→ YOUR OBJECTIVE
Output range, inclusive: from the line containing "Inductive rf_eq n" to the line containing "Definition offdiag n". Restate those lines from the data below word for word and only those.

*** TASK DATA ***

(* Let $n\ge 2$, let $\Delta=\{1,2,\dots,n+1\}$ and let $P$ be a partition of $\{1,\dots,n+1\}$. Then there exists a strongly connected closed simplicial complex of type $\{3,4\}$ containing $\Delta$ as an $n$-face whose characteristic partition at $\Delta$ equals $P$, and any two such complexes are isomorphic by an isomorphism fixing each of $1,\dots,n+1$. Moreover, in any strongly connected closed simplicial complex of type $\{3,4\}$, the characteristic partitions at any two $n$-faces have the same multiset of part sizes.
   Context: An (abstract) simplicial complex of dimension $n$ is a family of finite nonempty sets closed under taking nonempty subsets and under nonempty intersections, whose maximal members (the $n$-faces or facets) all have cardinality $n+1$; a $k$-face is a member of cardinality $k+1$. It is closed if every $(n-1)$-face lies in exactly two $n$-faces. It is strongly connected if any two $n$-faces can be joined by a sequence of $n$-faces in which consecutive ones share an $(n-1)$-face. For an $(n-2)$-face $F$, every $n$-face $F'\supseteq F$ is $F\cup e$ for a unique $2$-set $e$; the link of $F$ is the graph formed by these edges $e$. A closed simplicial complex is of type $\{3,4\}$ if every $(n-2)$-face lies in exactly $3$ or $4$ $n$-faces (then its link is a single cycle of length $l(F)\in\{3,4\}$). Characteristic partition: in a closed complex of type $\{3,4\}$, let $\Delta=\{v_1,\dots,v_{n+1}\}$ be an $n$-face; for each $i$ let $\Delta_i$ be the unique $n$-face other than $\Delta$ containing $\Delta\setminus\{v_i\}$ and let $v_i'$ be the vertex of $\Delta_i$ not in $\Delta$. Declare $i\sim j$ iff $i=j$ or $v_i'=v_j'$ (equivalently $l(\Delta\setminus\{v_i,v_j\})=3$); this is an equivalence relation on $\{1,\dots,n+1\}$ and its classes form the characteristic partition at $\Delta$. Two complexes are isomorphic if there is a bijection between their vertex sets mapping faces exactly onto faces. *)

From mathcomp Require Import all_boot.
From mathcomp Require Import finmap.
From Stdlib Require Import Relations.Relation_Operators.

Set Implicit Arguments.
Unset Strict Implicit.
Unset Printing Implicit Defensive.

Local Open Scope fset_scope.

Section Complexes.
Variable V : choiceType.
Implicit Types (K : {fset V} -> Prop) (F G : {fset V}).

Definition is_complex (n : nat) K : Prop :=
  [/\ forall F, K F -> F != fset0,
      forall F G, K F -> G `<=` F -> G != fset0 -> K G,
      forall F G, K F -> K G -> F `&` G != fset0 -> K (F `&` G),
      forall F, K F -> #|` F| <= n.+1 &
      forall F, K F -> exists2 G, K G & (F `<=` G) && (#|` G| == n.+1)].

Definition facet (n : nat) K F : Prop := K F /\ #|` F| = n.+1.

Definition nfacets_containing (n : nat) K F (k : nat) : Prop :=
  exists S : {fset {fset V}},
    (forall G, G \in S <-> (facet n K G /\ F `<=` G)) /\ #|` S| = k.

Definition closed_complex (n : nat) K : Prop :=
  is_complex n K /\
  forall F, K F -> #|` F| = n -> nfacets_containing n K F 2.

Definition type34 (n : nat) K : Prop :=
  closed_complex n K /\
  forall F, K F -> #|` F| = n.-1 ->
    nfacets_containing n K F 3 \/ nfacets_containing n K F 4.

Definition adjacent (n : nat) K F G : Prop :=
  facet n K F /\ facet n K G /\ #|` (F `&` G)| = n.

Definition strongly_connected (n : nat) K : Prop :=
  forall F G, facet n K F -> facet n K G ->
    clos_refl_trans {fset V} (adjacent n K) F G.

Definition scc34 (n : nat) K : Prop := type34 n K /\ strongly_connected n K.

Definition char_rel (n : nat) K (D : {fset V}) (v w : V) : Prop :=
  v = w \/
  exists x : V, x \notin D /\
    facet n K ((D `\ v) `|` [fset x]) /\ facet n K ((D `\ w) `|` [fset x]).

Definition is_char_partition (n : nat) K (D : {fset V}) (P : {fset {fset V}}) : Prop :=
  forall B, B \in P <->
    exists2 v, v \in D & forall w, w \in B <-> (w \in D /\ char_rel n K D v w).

***
*** TASK DATA ***

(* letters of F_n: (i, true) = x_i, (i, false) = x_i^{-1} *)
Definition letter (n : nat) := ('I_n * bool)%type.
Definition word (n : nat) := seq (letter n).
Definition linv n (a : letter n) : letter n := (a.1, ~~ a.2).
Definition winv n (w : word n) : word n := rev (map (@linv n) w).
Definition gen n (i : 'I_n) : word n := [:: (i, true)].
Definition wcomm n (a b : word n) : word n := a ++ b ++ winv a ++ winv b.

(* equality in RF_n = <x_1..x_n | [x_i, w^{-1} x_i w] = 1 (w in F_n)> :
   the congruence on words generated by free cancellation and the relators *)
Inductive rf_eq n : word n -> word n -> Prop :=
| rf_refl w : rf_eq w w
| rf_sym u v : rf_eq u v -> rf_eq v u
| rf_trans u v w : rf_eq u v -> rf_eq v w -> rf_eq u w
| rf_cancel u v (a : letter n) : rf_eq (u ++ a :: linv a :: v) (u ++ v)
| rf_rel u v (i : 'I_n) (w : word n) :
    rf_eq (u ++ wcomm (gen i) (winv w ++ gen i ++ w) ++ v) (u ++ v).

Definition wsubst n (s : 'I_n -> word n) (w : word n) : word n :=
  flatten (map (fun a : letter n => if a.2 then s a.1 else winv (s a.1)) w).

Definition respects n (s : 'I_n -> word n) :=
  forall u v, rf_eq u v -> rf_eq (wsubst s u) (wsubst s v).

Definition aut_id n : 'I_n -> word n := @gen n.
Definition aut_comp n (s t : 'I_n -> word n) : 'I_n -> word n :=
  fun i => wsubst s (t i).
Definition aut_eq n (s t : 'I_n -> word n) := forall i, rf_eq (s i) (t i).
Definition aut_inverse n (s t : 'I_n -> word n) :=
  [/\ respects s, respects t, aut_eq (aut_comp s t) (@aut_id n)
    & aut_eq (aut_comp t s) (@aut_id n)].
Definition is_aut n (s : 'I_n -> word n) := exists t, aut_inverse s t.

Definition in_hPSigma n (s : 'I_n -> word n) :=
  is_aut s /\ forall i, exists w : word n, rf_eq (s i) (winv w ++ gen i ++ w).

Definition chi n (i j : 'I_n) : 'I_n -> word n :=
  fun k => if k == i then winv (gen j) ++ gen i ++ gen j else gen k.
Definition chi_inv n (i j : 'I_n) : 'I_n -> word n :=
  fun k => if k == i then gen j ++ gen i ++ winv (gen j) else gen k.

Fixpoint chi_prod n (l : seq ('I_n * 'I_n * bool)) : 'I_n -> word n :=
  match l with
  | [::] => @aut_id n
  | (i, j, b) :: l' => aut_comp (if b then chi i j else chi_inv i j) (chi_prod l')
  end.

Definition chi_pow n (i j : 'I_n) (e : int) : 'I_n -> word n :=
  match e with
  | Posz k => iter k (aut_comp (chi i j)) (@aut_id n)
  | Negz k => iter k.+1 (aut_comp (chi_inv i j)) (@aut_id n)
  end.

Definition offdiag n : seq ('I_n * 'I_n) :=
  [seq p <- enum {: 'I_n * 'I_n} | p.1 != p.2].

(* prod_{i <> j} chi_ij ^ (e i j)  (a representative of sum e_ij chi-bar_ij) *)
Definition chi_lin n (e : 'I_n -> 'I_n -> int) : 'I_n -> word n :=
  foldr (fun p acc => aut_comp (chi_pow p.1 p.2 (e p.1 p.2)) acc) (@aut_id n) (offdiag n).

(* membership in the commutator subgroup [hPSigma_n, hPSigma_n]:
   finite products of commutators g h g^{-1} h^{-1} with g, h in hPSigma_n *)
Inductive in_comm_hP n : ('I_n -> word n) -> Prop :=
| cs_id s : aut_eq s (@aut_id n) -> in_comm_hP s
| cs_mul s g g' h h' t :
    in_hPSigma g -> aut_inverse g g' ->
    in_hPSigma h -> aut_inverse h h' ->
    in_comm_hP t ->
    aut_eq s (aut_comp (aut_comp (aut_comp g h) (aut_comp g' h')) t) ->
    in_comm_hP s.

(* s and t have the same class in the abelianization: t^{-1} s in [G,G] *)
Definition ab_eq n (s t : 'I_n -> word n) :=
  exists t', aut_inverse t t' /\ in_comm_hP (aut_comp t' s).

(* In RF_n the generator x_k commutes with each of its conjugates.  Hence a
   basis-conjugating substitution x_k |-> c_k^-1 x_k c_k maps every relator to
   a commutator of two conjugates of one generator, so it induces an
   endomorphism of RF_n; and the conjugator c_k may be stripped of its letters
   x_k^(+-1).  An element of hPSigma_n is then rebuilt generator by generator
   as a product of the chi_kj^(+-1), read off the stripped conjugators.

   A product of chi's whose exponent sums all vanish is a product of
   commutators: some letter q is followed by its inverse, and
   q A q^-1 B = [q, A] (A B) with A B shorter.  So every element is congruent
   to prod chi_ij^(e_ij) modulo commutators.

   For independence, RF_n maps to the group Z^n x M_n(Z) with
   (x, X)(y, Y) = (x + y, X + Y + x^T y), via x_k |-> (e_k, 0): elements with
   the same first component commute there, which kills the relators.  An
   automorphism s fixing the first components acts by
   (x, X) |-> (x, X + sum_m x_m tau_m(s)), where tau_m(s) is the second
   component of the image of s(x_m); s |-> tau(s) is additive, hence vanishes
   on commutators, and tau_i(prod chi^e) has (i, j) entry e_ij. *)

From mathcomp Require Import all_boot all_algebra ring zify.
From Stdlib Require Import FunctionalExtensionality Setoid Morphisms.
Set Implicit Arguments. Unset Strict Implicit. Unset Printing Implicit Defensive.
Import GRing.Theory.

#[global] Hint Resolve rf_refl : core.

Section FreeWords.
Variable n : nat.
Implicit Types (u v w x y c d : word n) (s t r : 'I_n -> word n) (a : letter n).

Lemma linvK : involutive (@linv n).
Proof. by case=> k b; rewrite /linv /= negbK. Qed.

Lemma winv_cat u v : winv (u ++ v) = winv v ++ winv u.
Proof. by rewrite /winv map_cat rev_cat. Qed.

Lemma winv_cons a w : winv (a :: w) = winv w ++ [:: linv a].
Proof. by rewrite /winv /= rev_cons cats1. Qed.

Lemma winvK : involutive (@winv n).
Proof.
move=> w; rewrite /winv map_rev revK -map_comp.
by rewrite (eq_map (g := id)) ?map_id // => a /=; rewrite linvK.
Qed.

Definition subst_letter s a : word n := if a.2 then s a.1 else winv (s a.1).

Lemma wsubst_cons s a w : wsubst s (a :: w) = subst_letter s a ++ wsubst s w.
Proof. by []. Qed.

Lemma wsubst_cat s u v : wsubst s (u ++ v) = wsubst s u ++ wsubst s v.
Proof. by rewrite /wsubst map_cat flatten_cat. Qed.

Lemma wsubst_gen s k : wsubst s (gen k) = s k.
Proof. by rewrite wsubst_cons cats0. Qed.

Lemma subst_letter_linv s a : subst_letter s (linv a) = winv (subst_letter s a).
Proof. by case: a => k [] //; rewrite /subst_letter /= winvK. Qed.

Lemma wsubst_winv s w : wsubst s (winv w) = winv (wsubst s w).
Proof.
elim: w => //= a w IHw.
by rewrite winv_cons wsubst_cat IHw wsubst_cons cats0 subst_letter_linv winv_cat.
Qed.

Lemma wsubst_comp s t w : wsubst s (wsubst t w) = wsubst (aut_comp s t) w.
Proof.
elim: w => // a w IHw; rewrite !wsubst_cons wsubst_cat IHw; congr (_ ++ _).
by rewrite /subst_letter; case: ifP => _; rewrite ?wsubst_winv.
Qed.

***
*** TASK DATA ***

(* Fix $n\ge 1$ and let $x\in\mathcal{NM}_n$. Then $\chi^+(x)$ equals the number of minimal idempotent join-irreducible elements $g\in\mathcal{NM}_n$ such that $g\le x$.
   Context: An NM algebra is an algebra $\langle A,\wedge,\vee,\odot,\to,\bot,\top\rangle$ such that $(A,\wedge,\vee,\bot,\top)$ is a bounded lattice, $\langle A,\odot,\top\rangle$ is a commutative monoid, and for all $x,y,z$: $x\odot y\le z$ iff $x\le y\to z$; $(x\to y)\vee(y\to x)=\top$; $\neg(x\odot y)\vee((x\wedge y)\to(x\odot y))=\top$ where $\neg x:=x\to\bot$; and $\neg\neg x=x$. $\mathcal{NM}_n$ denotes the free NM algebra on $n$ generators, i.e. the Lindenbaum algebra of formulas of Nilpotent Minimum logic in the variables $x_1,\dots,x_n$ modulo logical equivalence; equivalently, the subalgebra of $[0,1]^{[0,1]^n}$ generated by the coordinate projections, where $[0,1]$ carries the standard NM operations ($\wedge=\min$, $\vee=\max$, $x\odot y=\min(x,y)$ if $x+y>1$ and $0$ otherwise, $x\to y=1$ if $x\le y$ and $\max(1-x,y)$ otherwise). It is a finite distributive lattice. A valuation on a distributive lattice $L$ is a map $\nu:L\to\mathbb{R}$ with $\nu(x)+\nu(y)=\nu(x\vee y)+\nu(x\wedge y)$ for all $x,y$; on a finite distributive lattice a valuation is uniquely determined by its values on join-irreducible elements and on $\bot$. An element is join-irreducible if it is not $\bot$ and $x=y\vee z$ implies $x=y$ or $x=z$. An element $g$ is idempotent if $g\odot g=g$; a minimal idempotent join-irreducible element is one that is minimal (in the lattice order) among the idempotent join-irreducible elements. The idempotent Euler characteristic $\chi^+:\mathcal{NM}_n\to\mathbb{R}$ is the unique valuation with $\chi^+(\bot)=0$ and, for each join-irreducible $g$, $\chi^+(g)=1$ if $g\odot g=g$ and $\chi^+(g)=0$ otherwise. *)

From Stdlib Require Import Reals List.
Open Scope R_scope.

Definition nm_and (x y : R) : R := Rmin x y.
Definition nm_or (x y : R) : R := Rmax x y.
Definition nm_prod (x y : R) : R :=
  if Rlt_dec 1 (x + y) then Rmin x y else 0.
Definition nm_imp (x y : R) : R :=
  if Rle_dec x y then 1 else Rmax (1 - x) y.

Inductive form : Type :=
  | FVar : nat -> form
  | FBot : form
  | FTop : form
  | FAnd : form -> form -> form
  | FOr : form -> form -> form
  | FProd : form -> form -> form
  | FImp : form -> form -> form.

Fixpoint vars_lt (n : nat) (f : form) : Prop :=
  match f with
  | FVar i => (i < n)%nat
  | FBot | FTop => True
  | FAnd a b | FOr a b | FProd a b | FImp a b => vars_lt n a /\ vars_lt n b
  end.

***

→ SOLUTION FOR THIS TASK
Inductive rf_eq n : word n -> word n -> Prop :=
| rf_refl w : rf_eq w w
| rf_sym u v : rf_eq u v -> rf_eq v u
| rf_trans u v w : rf_eq u v -> rf_eq v w -> rf_eq u w
| rf_cancel u v (a : letter n) : rf_eq (u ++ a :: linv a :: v) (u ++ v)
| rf_rel u v (i : 'I_n) (w : word n) :
    rf_eq (u ++ wcomm (gen i) (winv w ++ gen i ++ w) ++ v) (u ++ v).

Definition wsubst n (s : 'I_n -> word n) (w : word n) : word n :=
  flatten (map (fun a : letter n => if a.2 then s a.1 else winv (s a.1)) w).

Definition respects n (s : 'I_n -> word n) :=
  forall u v, rf_eq u v -> rf_eq (wsubst s u) (wsubst s v).

Definition aut_id n : 'I_n -> word n := @gen n.
Definition aut_comp n (s t : 'I_n -> word n) : 'I_n -> word n :=
  fun i => wsubst s (t i).
Definition aut_eq n (s t : 'I_n -> word n) := forall i, rf_eq (s i) (t i).
Definition aut_inverse n (s t : 'I_n -> word n) :=
  [/\ respects s, respects t, aut_eq (aut_comp s t) (@aut_id n)
    & aut_eq (aut_comp t s) (@aut_id n)].
Definition is_aut n (s : 'I_n -> word n) := exists t, aut_inverse s t.

Definition in_hPSigma n (s : 'I_n -> word n) :=
  is_aut s /\ forall i, exists w : word n, rf_eq (s i) (winv w ++ gen i ++ w).

Definition chi n (i j : 'I_n) : 'I_n -> word n :=
  fun k => if k == i then winv (gen j) ++ gen i ++ gen j else gen k.
Definition chi_inv n (i j : 'I_n) : 'I_n -> word n :=
  fun k => if k == i then gen j ++ gen i ++ winv (gen j) else gen k.

Fixpoint chi_prod n (l : seq ('I_n * 'I_n * bool)) : 'I_n -> word n :=
  match l with
  | [::] => @aut_id n
  | (i, j, b) :: l' => aut_comp (if b then chi i j else chi_inv i j) (chi_prod l')
  end.

Definition chi_pow n (i j : 'I_n) (e : int) : 'I_n -> word n :=
  match e with
  | Posz k => iter k (aut_comp (chi i j)) (@aut_id n)
  | Negz k => iter k.+1 (aut_comp (chi_inv i j)) (@aut_id n)
  end.

Definition offdiag n : seq ('I_n * 'I_n) :=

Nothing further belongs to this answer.